GUYS AND GIRLS LISTEN UP, the institution of marriage is not going to implode simply because a teensy tiny proportion of marriages include two bits that look the same where they should look different.
An idealistic idea of sacred christian marriages has already been corrupted, using the excuse that marriage should be between a man and a woman to be real is invalid, in my opinion, because then you would have to apply that same principle to all the other sorts of marriages that are allowed to occur which aren't in the original plan, and then suddenly everything collapses. Why on earth are we following on the coat-tails of a bunch of married, conservative (dare I say it, middle class) Christians in leadership who are basically being massive hypocrites and allowing all sorts of non-biblical marriages to take place in their churches, but cannot turn this same blind eye to same sex relationships. If they see marriage, and not to mention God's plan for marriage, as being so fragile that a few willies where there should be lady parts (or vice versa) are able to destruct it then they're kinda fighting a losing battle. I have no idea where this protective, guard dog type approach towards marriage has come from, it seems to me half the time that Christians are fighting against gay marriage just because they can.
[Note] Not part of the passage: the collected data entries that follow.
(* Consider the properties of a binary relation: (1) transitivity, (2) reflexivity, (3) symmetry, (4) antireflexivity ($x$ is never related to $x$), (5) antisymmetry. (A) For every pair $P,Q\subseteq\{1,2,3,4,5\}$, the class $\mathcal{K}_{P,Q}$ of structures $(X,R,S)$ where $R$ is a binary relation satisfying the properties in $P$ and $S$ is a binary relation coarser than $R$ (i.e. $R\subseteq S$) satisfying the properties in $Q$ has SAP; in fact superSAP holds simultaneously with respect to $R$ and $S$ (one amalgam witnesses both). The class of finite members of $\mathcal{K}_{P,Q}$ has a Fraïssé limit $\mathbf{M}$; $Th(\mathbf{M})$ is $\omega$-categorical, has quantifier elimination, and is the model completion of the first-order theory of $\mathcal{K}_{P,Q}$. (B) SuperSAP (simultaneously with respect to $R$ and $S$) is maintained if to $\mathcal{K}_{P,Q}$ we add families of (i) unary operations which are both $R$- and $S$-preserving; (ii) unary operations which are both $R$- and $S$-reversing; (iii) unary operations which are $R$-preserving; (iv) unary operations which are $R$-reversing. Fraïssé limits of the corresponding classes of finite structures still exist provided only finitely many operations are added. (C) The class of structures $(X,R,S,f)$ with $R$ a transitive binary relation, $S$ a binary relation coarser than $R$, and $f$ an $S$-preserving unary operation (not required to be $R$-preserving) does not have the amalgamation property. (D) The class of structures $(X,\le,S_1,f)$ with $\le$ a partial order, $S_1$ a symmetric reflexive relation coarser than $\le$, and $f$ an $S_1$-preserving unary operation does not have the amalgamation property.
   Context: A unary operation $h$ is $T$-preserving for a binary relation $T$ if $x\,T\,y$ implies $h(x)\,T\,h(y)$, and $T$-reversing if $x\,T\,y$ implies $h(y)\,T\,h(x)$. All classes are closed under isomorphism. A triple to be amalgamated is $\mathbf{A},\mathbf{B},\mathbf{C}$ in the class with $\mathbf{C}\subseteq\mathbf{A}$, $\mathbf{C}\subseteq\mathbf{B}$, $C=A\cap B$. Amalgamation property (AP): for each such triple there are $\mathbf{D}$ in the class and embeddings of $\mathbf{A}$ and $\mathbf{B}$ into $\mathbf{D}$ agreeing on $C$. SAP: there is $\mathbf{D}$ in the class with $\mathbf{A},\mathbf{B}\subseteq\mathbf{D}$. SuperSAP with respect to a relation $R$: a $\mathbf{D}$ witnessing SAP such that for $a\in A\setminus B$, $b\in B\setminus A$, $a\,R_{\mathbf{D}}\,b$ implies $a\,R_{\mathbf{A}}\,c\,R_{\mathbf{B}}\,b$ for some $c\in C$, and $b\,R_{\mathbf{D}}\,a$ implies $b\,R_{\mathbf{B}}\,c\,R_{\mathbf{A}}\,a$ for some $c\in C$. A Fraïssé limit of a class of finitely generated structures in a countable language is a countable ultrahomogeneous structure with that age. A model completion of $T$ is a model complete theory with the same universal consequences as $T$, where $T$ has AP. *)

From Stdlib Require Import List.
Import ListNotations.
Set Implicit Arguments.

Record Str (I : Type) : Type := mkStr {
  car :> Type;
  rR : car -> car -> Prop;
  rS : car -> car -> Prop;
  op : I -> car -> car }.
Arguments mkStr {I} car rR rS op.
Arguments rR {I} s _ _.
Arguments rS {I} s _ _.
Arguments op {I} s _ _.

Definition emb {I} {A B : Str I} (h : A -> B) : Prop :=
  (forall x y, h x = h y -> x = y) /\
  (forall x y, rR A x y <-> rR B (h x) (h y)) /\
  (forall x y, rS A x y <-> rS B (h x) (h y)) /\
  (forall i x, h (op A i x) = op B i (h x)).

Definition iso {I} {A B : Str I} (h : A -> B) : Prop :=
  emb h /\ forall y, exists x, h x = y.

(* A triple C <= A, C <= B is given by embeddings f : C -> A, g : C -> B
   (classes are closed under isomorphism, so this is the paper's setting
   with C = A /\ B after renaming). *)
Definition AP {I} (K : Str I -> Prop) : Prop :=
  forall (A B C : Str I) (f : C -> A) (g : C -> B),
    K A -> K B -> K C -> emb f -> emb g ->
    exists (D : Str I) (i : A -> D) (j : B -> D),
      K D /\ emb i /\ emb j /\ (forall c, i (f c) = j (g c)).

Definition rel {I} (sel : bool) (N : Str I) : N -> N -> Prop :=
  if sel then rR N else rS N.

Definition not_in_img {C A : Type} (f : C -> A) (a : A) : Prop :=
  ~ exists c, f c = a.

Definition SAP {I} (K : Str I -> Prop) : Prop :=
  forall (A B C : Str I) (f : C -> A) (g : C -> B),
    K A -> K B -> K C -> emb f -> emb g ->
    exists (D : Str I) (i : A -> D) (j : B -> D),
      K D /\ emb i /\ emb j /\ (forall c, i (f c) = j (g c)) /\
      (forall a b, i a = j b -> exists c, f c = a /\ g c = b).

(* superSAP simultaneously with respect to R (sel = true) and S (sel = false):
   one strong amalgam D witnessing the superSAP condition for both. *)
Definition superSAP_RS {I} (K : Str I -> Prop) : Prop :=
  forall (A B C : Str I) (f : C -> A) (g : C -> B),
    K A -> K B -> K C -> emb f -> emb g ->
    exists (D : Str I) (i : A -> D) (j : B -> D),
      K D /\ emb i /\ emb j /\ (forall c, i (f c) = j (g c)) /\
      (forall a b, i a = j b -> exists c, f c = a /\ g c = b) /\
      (forall (sel : bool) (a : A) (b : B), not_in_img f a -> not_in_img g b ->
        (rel sel D (i a) (j b) -> exists c, rel sel A a (f c) /\ rel sel B (g c) b) /\
        (rel sel D (j b) (i a) -> exists c, rel sel B b (g c) /\ rel sel A (f c) a)).

Definition finite_type (T : Type) : Prop := exists l : list T, forall x, In x l.
Definition countable (T : Type) : Prop :=
  exists f : T -> nat, forall x y, f x = f y -> x = y.
Definition infinite (T : Type) : Prop := forall l : list T, exists x, ~ In x l.

Definition finite_mem {I} (K : Str I -> Prop) (N : Str I) : Prop :=
  K N /\ finite_type N.

Record substr {I} (M : Str I) := {
  sp : M -> Prop;
  sp_closed : forall i x, sp x -> sp (op M i x) }.
Arguments sp {I M} s _.
Arguments sp_closed {I M} s _ _ _.

Definition induced {I} {M : Str I} (X : substr M) : Str I :=
  mkStr {x : M | sp X x}
    (fun x y => rR M (proj1_sig x) (proj1_sig y))
    (fun x y => rS M (proj1_sig x) (proj1_sig y))
    (fun i x => exist _ (op M i (proj1_sig x)) (sp_closed X i _ (proj2_sig x))).

Inductive gen {I} (M : Str I) (l : list M) : M -> Prop :=
| gen_base : forall x, In x l -> gen M l x
| gen_op : forall i x, gen M l x -> gen M l (op M i x).

Definition fin_gen {I} {M : Str I} (X : substr M) : Prop :=
  exists l : list M, forall x, sp X x <-> gen M l x.

Definition age_is {I} (M : Str I) (K : Str I -> Prop) : Prop :=
  forall N : Str I, K N <->
    exists X : substr M, fin_gen X /\ exists h : N -> induced X, iso h.

Definition ultrahomogeneous {I} (M : Str I) : Prop :=
  forall (X Y : substr M), fin_gen X -> fin_gen Y ->
  forall h : induced X -> induced Y, iso h ->
  exists s : M -> M, iso s /\ forall x, s (proj1_sig x) = proj1_sig (h x).

Definition Fraisse_limit {I} (K : Str I -> Prop) (M : Str I) : Prop :=
  countable M /\ ultrahomogeneous M /\ age_is M K.

(* (structures without operations: Str Empty_set); de Bruijn variables *)
Inductive fm : Type :=
| fR : nat -> nat -> fm
| fS : nat -> nat -> fm
| fEq : nat -> nat -> fm
| fBot : fm
| fImp : fm -> fm -> fm
| fAll : fm -> fm.

Definition RSStr := Str Empty_set.

Definition scons {T} (x : T) (e : nat -> T) (n : nat) : T :=
  match n with 0 => x | S m => e m end.

Fixpoint sat (N : RSStr) (e : nat -> N) (p : fm) : Prop :=
  match p with
  | fR i j => rR N (e i) (e j)
  | fS i j => rS N (e i) (e j)
  | fEq i j => e i = e j
  | fBot => False
  | fImp a b => sat N e a -> sat N e b
  | fAll a => forall x : N, sat N (scons x e) a
  end.

(* all free variables are < n *)
Fixpoint bound (n : nat) (p : fm) : Prop :=
  match p with
  | fR i j | fS i j | fEq i j => i < n /\ j < n
  | fBot => True
  | fImp a b => bound n a /\ bound n b
  | fAll a => bound (S n) a
  end.

Definition sentence (p : fm) : Prop := bound 0 p.

Fixpoint qf (p : fm) : Prop :=
  match p with
  | fAll _ => False
  | fImp a b => qf a /\ qf b
  | _ => True
  end.

Definition universal (p : fm) : Prop :=
  exists k psi, qf psi /\ p = Nat.iter k fAll psi.

Definition theory := fm -> Prop.

Definition holds (N : RSStr) (p : fm) : Prop := forall e, sat N e p.

Definition Th (N : RSStr) : theory := fun p => sentence p /\ holds N p.

Definition ThK (K : RSStr -> Prop) : theory :=
  fun p => sentence p /\ forall N, K N -> inhabited N -> holds N p.

Definition model (T : theory) (N : RSStr) : Prop :=
  inhabited N /\ forall p, T p -> holds N p.

Definition entails (T : theory) (p : fm) : Prop :=
  forall N, model T N -> holds N p.

Definition elementary {N N' : RSStr} (h : N -> N') : Prop :=
  forall p e, sat N e p <-> sat N' (fun n => h (e n)) p.

Definition model_complete (T : theory) : Prop :=
  forall (N N' : RSStr) (h : N -> N'),
    model T N -> model T N' -> emb h -> elementary h.

Definition model_completion (T' T : theory) : Prop :=
  model_complete T' /\
  (forall p, sentence p -> universal p -> (entails T p <-> entails T' p)) /\
  AP (model T).

Definition QE (T : theory) : Prop :=
  forall n p, bound n p ->
    exists psi, qf psi /\ bound n psi /\
      forall N, model T N -> forall e, sat N e p <-> sat N e psi.

Definition omega_categorical (T : theory) : Prop :=
  forall N N' : RSStr, model T N -> model T N' ->
    countable N -> infinite N -> countable N' -> infinite N' ->
    exists h : N -> N', iso h.

(* 1 transitivity, 2 reflexivity, 3 symmetry, 4 antireflexivity, 5 antisymmetry *)
Inductive rprop := Trans | Refl | Symm | Irrefl | Antisym.

Definition has_prop {T : Type} (p : rprop) (r : T -> T -> Prop) : Prop :=
  match p with
  | Trans => forall x y z, r x y -> r y z -> r x z
  | Refl => forall x, r x x
  | Symm => forall x y, r x y -> r y x
  | Irrefl => forall x, ~ r x x
  | Antisym => forall x y, r x y -> r y x -> x = y
  end.

Definition RS_conds {I} (P Q : rprop -> Prop) (N : Str I) : Prop :=
  (forall p, P p -> has_prop p (rR N)) /\
  (forall q, Q q -> has_prop q (rS N)) /\
  (forall x y, rR N x y -> rS N x y).

Definition KPQ (P Q : rprop -> Prop) : RSStr -> Prop := RS_conds P Q.

Definition preserving {T : Type} (r : T -> T -> Prop) (h : T -> T) : Prop :=
  forall x y, r x y -> r (h x) (h y).
Definition reversing {T : Type} (r : T -> T -> Prop) (h : T -> T) : Prop :=
  forall x y, r x y -> r (h y) (h x).

(* K_{P,Q} expanded by families of operations of kinds (i),(ii),(iii),(iv)
   indexed by I1, I2, I3, I4 respectively *)
Definition KPQ_ops (P Q : rprop -> Prop) (I1 I2 I3 I4 : Type)
    (N : Str (I1 + I2 + I3 + I4)) : Prop :=
  RS_conds P Q N /\
  (forall i, preserving (rR N) (op N (inl (inl (inl i)))) /\
             preserving (rS N) (op N (inl (inl (inl i))))) /\
  (forall i, reversing (rR N) (op N (inl (inl (inr i)))) /\
             reversing (rS N) (op N (inl (inl (inr i))))) /\
  (forall i, preserving (rR N) (op N (inl (inr i)))) /\
  (forall i, reversing (rR N) (op N (inr i))).

Definition KC (N : Str unit) : Prop :=
  has_prop Trans (rR N) /\ (forall x y, rR N x y -> rS N x y) /\
  preserving (rS N) (op N tt).

(* (D): R = <= a partial order, S = S_1 symmetric reflexive, <= included in S_1,
   f S_1-preserving *)
Definition KD (N : Str unit) : Prop :=
  has_prop Refl (rR N) /\ has_prop Trans (rR N) /\ has_prop Antisym (rR N) /\
  has_prop Symm (rS N) /\ has_prop Refl (rS N) /\
  (forall x y, rR N x y -> rS N x y) /\
  preserving (rS N) (op N tt).
Arguments KPQ_ops P Q I1 I2 I3 I4 N : clear implicits.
What I think has upset me the most about this, is the fact that many of my friends will share the beliefs of this campaign, and will agree with this exclusion of part of the church family. Already gay christians are sidelined in churches, through hush-hush treatment, ousting from leadership roles, through an expectation for celibacy, even through offering therapies and curative treatments. It makes me really sad to realise that some of the most loving and godly people that I have been blessed to be friends with, will hold these veiled homophobic beliefs.
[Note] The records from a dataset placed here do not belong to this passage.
Lemma cesaro_cauchy x : good X x -> forall eps, 0 < eps ->
  exists N, forall T U, (N <= T)%nat -> (N <= U)%nat ->
    norm (fun a => cesaro T x a - cesaro U x a) < eps.
Proof.
  intros Hx eps Heps.
  destruct (hull_infimum x Hx) as [d [Hd0 [Hd_low Hd_approx]]].
  set (del := Rmin 1 (eps * eps / (16 * (2 * d + 1)))).
  assert (Hdel : 0 < del) by (apply Rmin_pos; [lra | apply Rdiv_lt_0_compat; nra]).
  assert (Hdel_eps : 4 * del * (2 * d + del) <= eps / 2 * (eps / 2)).
  { assert (del <= 1) by apply Rmin_l.
    assert (del * (16 * (2 * d + 1)) <= eps * eps).
    { pose proof (Rmin_r 1 (eps * eps / (16 * (2 * d + 1)))) as Hr. fold del in Hr.
      apply Rmult_le_compat_r with (r := 16 * (2 * d + 1)) in Hr; [|lra].
      unfold Rdiv in Hr. rewrite Rmult_assoc, Rinv_l in Hr; lra. }
    nra. }
  destruct (Hd_approx del Hdel) as [n [f [Hf Hfd]]].
  assert (Gf : good X f) by (apply (hull_good x n); auto).
  destruct (bounded_over_T_cv (fun _ => 2 * INR n * norm x) (Rabs (2 * INR n * norm x))
              (fun _ => Rle_refl _) (eps / 4)) as [N HN]; [lra|].
  exists N. intros T U HT HU.
  assert (side : forall T', (N <= T')%nat ->
     norm (fun a => cesaro T' f a - cesaro T' x a) < eps / 4).
  { intros T' HT'. eapply Rle_lt_trans; [apply hull_close; eauto|].
    specialize (HN T' HT'). unfold R_dist in HN. rewrite Rminus_0_r in HN.
    eapply Rle_lt_trans; [apply Rle_abs | exact HN]. }
  set (uT := cesaro T f). set (uU := cesaro U f).
  assert (GT : good X uT) by (apply good_cesaro; auto).
  assert (GU : good X uU) by (apply good_cesaro; auto).
  assert (core : norm (fun a => uT a - uU a) < eps / 2).
  { apply sqrt_lt_aux; [lra|]. eapply Rlt_le_trans; [|exact Hdel_eps].
    apply (midpoint_close uT uU d del); auto.
    - eapply Rle_lt_trans; [apply norm_cesaro | ]; auto.
    - eapply Rle_lt_trans; [apply norm_cesaro | ]; auto.
    - apply (Hd_low (n + T + U)%nat). apply hull_convex; [lra | |].
      + apply (hull_mono _ (n + T)); [lia | apply hull_cesaro; auto].
      + apply (hull_mono _ (n + U)); [lia | apply hull_cesaro; auto]. }
  eapply Rle_lt_trans; [apply (norm_triangle _ uT); auto; apply good_cesaro; auto|].
  eapply Rle_lt_trans; [apply Rplus_le_compat_l, (norm_triangle _ uU); auto;
                        apply good_cesaro; auto|].
  pose proof (side T HT) as ST. pose proof (side U HU) as SU.
  rewrite norm_sub_sym in ST by (auto; apply good_cesaro; auto).
  fold uT in ST. fold uU in SU. lra.
Qed.

Lemma cesaro_cv x a : good X x -> { l | Un_cv (fun T => cesaro T x a) l }.
Proof.
  intros Hx. apply R_complete. intros eps Heps.
  destruct (cesaro_cauchy x Hx eps Heps) as [N HN]. exists N. intros n m Hn Hm.
  unfold R_dist. eapply Rle_lt_trans; [|apply (HN n m Hn Hm)].
  apply (coord_le_norm (fun a => cesaro n x a - cesaro m x a)).
  apply good_sub; apply good_cesaro; auto.
Qed.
It's all made me wonder in a way I have never really thought before. Can I be friends with these people? Can I comfortably share my Christian walk with these people whose acceptance for others has limits? I mean, could you be friends with someone knowing they had signed a petition campaigning that they will have rights that you cannot? Say you were black and I was white, and I signed a petition saying you should not be allowed the same rights as I, would you be my friend? We can argue the semantics but how about focusing on the sentiment- this petition claims that people with a certain biological/genetic/environmental/whatever disposition over which they have no choice, should be denied certain privileges that the dominant group has claimed.
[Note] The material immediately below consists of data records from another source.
Lemma FAI_bjoin_l (h0 h1 : BF n) : FAI (bjoin h0 h1) <= (FAI h0).+2.
Proof.
rewrite -add2n -leq_subLR; apply: FAI_ge => [|g h0g _].
  by have := FAI_max (bjoin h0 h1); rewrite doubleS; lia.
by rewrite leq_subLR add2n FAI_bjoin_le_l.
Qed.

Lemma FAI_bjoin_r (h0 h1 : BF n) : FAI (bjoin h0 h1) <= (FAI h1).+2.
Proof.
rewrite -add2n -leq_subLR; apply: FAI_ge => [|g h1g _].
  by have := FAI_max (bjoin h0 h1); rewrite doubleS; lia.
by rewrite leq_subLR add2n FAI_bjoin_le_r.
Qed.

End UpperBound.

Lemma FAI_le_bdeg_add2 n (f : BF n.+1) : f != bconst n.+1 false -> FAI f <= (bdeg f).+2.
Proof.
rewrite -(bjoin_brestr f) bjoin_eq_const negb_and => /orP[f0 | f1].
  apply: leq_trans (FAI_bjoin_le_l _ (g := bconst n true) _) _; rewrite bmulr1 //.
  by rewrite bdeg_bconst ltnS ltnS bdeg_bjoin_ge_l.
apply: leq_trans (FAI_bjoin_le_r _ (g := bconst n true) _) _; rewrite bmulr1 //.
by rewrite bdeg_bconst ltnS ltnS bdeg_bjoin_ge_r.
Qed.

Lemma FAI_le_annihilated n (k r : BF n) : bmul k r = bconst n false ->
  k != bconst n false -> r != bconst n false -> FAI k <= bdeg r + bdeg k.
Proof.
move=> kr0 k_neq0 r_neq0; have k_r' : bmul k (bcompl r) = k.
  by apply/ffunP => x; move/ffunP/(_ x): kr0; rewrite !ffunE; case: (k x); case: (r x).
rewrite -bdeg_bcompl -{2}k_r'; apply: FAI_le; first by rewrite k_r'.
by rewrite bcompl_eq_const.
Qed.

Section LowerBound.
Variables (n : nat) (f : BF n.+1).
Hypotheses (f_neq0 : f != bconst n.+1 false) (fc_neq0 : bcompl f != bconst n.+1 false).
Local Notation fc := (bcompl f).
To be honest I am entirely fed up with it all, this whole division, the argument, the bigoted individuals, the shame that I am being made to feel... it is really making me consider whether I want to be part of this church institution at all, it just doesn't match with what I see and know of Jesus. I feel like hiding under my blankets until this whole storm has passed, yet as I said, a small part of me wants to be one of the David who fights these Goliaths. I really hope this legislation passes through, and that the church cottons on quickly that the world will keep spinning despite the fact they have had to share their precious marriage with the gentiles.